* Exercise objective
Give back only the line containing "exact: sym_gapset_eq_pattern_gapset." and every line after it through the end of the data below, transcribed exactly.

* Given data
>>>>
Lemma sym_gapset_2n1 : 2 * n + 1 \in G.
Proof.
have n4 : (4 * n \in G) = false.
  apply/negbTE/negP; rewrite (_ : 4 * n = 2 * n + 2 * n); last lia.
  by case/(G_gapset.2 (2 * n) (2 * n) ltac:(lia) ltac:(lia)); rewrite sym_gapset_2n.
have := sym_gapset_compl (x := 4 * n) ltac:(lia).
by rewrite n4 (_ : _ - _ = 2 * n + 1) //; lia.
Qed.

Definition word_of_gapset : (n - 1).-tuple bool := [tuple 2 * n + 2 + i \in G | i < n - 1].

Lemma low_pattern_word_of_gapset x :
  0 < x <= 3 * n -> (x \in G) = low_pattern n word_of_gapset x.
Proof.
move=> hx; rewrite /low_pattern.
case: (ltnP x (2 * n)) => [h | ge2n]; first by rewrite sym_gapset_lt_2n //; lia.
case: (ltngtP x (2 * n + 1)) => [lt | gt | ->]; last by rewrite sym_gapset_2n1 orbT.
  by rewrite (_ : x = 2 * n) ?sym_gapset_2n; lia.
have hk : x - (2 * n + 2) < n - 1 by lia.
rewrite (@nth_mktuple _ _ _ false (Ordinal hk)) /= (_ : 2 * n + 2 + _ = x); last lia.
by case: (x \in G); lia.
Qed.

Lemma sym_gapset_eq_pattern_gapset : G = pattern_gapset n word_of_gapset.
Proof.
case: G_gapset => G_pos _.
apply/fsetP => x; rewrite mem_pattern_gapset /pattern.
case: (posnP x) => [-> | x_gt0]; first by apply/negbTE/negP => /G_pos.
case: (leqP x (3 * n)) => [h3 | gt3]; first by rewrite low_pattern_word_of_gapset //; lia.
case: (leqP x (6 * n)) => [h6 | gt6].
  rewrite -low_pattern_word_of_gapset; last lia.
  rewrite sym_gapset_compl ?negbK; last lia.
  by rewrite (_ : x <= 6 * n + 1) ?andbT //; lia.
case: (ltngtP x (6 * n + 1)) => [|gtF|->]; [lia| |].
  by apply/negbTE/negP => /frob_ub; rewrite frob_sym_gapset; lia.
by rewrite -frob_sym_gapset frob_mem ?frob_sym_gapset //; lia.
Qed.

End Classification.

Theorem mainTheorem4 (n : nat) (hn : 0 < n) :
  exists s : seq {fset nat},
    uniq s /\
    (forall G : {fset nat},
        G \in s <-> (in_Gk (2 * n) (3 * n + 1) G /\ symmetric_gapset G)) /\
    size s = 2 ^ (n - 1).
Proof.
exists [seq pattern_gapset n B | B : (n - 1).-tuple bool]; split; [|split].
- by rewrite map_inj_uniq ?enum_uniq //; exact: pattern_gapset_inj.
- move=> G; split.
  + by case/mapP => B _ ->; exact: pattern_gapset_correct.
  + case=> G_in G_sym; apply/mapP; exists (word_of_gapset n G); first by rewrite mem_enum.
    exact: sym_gapset_eq_pattern_gapset.
- by rewrite size_map -cardE card_tuple card_bool.
Qed.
<<<<
* Answer to the problem
    exact: sym_gapset_eq_pattern_gapset.
- by rewrite size_map -cardE card_tuple card_bool.
Qed.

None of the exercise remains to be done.